> _Problem_:
Among the entries below, how many lines have the word "false"? Answer only with the number.

+ + +

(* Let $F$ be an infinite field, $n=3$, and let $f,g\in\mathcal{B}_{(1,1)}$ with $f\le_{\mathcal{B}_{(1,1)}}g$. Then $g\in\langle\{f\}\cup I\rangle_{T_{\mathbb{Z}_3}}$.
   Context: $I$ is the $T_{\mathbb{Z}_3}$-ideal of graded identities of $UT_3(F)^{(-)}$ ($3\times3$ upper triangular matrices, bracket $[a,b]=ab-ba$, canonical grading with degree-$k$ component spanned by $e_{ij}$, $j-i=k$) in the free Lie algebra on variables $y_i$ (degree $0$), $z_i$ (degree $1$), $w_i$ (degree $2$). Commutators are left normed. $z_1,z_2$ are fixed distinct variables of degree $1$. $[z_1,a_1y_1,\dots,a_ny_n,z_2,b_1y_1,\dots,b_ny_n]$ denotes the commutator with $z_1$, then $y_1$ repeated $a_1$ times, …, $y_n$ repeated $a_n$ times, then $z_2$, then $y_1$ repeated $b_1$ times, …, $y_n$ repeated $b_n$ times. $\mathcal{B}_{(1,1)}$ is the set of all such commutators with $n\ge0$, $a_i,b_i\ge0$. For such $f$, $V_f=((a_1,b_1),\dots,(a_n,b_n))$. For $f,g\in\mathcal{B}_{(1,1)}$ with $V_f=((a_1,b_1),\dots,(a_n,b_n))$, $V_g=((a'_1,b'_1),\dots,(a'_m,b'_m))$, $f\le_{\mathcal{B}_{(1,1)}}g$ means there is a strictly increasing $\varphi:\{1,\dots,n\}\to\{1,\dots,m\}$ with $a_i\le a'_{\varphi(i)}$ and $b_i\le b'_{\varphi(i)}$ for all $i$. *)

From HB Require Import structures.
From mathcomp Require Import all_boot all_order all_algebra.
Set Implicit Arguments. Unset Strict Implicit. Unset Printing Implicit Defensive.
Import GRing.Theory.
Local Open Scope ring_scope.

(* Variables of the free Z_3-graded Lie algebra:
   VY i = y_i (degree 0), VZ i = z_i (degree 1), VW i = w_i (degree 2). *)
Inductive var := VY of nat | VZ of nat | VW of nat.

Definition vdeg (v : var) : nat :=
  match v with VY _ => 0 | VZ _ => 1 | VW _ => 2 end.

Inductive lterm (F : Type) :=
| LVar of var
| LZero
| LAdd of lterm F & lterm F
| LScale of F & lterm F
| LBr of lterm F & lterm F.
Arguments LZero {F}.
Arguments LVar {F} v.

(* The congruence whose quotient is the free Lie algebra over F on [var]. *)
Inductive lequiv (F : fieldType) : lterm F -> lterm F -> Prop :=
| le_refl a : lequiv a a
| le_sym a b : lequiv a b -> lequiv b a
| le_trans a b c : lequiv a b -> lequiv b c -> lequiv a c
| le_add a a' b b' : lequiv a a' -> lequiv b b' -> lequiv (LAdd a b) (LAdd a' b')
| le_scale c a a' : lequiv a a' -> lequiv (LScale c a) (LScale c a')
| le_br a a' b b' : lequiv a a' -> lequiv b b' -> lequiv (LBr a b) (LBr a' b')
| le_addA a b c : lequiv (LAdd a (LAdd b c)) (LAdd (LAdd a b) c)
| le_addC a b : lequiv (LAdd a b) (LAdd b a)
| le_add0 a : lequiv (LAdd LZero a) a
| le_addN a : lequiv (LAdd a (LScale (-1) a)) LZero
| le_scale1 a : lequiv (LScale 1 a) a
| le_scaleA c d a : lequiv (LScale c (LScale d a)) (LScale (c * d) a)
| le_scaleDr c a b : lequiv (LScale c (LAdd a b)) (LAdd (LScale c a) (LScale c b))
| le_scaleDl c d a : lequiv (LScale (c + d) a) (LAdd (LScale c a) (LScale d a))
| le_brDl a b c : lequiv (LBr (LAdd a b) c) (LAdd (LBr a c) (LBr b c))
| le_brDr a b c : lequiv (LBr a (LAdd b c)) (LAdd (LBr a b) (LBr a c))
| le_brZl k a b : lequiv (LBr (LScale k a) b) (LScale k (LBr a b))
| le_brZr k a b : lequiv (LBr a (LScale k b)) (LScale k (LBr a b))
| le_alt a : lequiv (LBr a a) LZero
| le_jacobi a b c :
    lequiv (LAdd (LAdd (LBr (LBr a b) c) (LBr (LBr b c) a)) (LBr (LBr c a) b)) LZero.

+ + +

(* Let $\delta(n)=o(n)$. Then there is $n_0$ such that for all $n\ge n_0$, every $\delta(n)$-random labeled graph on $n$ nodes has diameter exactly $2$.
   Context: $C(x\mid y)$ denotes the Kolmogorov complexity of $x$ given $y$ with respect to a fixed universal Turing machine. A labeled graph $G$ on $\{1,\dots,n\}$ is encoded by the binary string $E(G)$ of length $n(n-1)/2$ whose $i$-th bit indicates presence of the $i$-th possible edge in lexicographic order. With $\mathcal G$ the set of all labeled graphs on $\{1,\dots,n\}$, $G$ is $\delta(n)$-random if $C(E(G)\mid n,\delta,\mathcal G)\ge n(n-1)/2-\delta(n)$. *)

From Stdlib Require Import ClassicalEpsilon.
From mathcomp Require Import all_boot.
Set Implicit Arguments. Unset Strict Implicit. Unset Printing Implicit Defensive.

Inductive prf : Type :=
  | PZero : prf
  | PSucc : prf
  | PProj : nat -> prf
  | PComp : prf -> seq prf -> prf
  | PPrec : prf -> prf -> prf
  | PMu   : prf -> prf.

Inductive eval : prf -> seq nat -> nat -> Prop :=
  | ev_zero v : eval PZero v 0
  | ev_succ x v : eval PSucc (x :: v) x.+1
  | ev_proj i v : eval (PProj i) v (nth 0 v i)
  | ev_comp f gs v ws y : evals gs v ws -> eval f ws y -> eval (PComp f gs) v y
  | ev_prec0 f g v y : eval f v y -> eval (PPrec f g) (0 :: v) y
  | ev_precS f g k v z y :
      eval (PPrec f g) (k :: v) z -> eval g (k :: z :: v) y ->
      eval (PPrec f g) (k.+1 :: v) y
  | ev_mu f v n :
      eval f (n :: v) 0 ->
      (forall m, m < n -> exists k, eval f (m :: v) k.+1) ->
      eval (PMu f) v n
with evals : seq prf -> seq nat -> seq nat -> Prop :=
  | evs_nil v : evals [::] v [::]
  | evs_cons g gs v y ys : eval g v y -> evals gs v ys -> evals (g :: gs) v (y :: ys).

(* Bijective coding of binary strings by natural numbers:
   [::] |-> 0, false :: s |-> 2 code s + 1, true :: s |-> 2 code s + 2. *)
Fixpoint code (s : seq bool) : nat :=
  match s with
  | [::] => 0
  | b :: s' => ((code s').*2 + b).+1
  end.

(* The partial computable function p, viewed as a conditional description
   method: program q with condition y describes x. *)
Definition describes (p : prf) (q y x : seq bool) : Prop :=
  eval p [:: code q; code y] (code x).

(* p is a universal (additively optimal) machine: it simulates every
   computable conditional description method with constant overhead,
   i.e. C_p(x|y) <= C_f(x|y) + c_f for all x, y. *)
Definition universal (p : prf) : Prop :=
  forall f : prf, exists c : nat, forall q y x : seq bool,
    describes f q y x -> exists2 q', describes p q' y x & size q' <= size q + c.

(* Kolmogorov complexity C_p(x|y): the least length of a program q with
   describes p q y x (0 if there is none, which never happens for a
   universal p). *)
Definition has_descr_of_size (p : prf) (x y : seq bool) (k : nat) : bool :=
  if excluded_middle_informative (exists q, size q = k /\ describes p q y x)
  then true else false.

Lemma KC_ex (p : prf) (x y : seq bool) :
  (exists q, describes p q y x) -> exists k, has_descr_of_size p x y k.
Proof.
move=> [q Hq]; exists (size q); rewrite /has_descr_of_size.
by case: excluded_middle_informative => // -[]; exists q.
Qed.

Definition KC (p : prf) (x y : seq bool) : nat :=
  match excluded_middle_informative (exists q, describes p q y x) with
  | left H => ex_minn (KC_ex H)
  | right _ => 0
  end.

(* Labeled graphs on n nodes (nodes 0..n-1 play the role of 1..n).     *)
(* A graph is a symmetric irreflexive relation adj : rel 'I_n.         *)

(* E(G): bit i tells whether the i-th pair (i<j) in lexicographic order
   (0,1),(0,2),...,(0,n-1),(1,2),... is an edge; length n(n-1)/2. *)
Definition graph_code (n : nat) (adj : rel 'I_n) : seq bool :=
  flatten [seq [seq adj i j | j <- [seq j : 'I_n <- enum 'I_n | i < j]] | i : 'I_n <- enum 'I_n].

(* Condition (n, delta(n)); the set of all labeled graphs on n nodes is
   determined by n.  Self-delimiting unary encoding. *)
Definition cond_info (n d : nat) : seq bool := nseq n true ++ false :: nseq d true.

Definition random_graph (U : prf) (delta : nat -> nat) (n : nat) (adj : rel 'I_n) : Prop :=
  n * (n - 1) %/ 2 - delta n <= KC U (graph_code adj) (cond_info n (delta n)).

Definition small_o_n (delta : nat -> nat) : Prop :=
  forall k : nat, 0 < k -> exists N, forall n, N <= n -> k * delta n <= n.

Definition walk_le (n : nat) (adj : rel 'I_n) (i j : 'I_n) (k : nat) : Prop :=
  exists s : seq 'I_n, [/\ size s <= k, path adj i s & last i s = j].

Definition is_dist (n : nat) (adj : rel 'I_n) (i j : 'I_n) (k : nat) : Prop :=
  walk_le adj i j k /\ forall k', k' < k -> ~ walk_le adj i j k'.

+ + +

> _The answer_:
3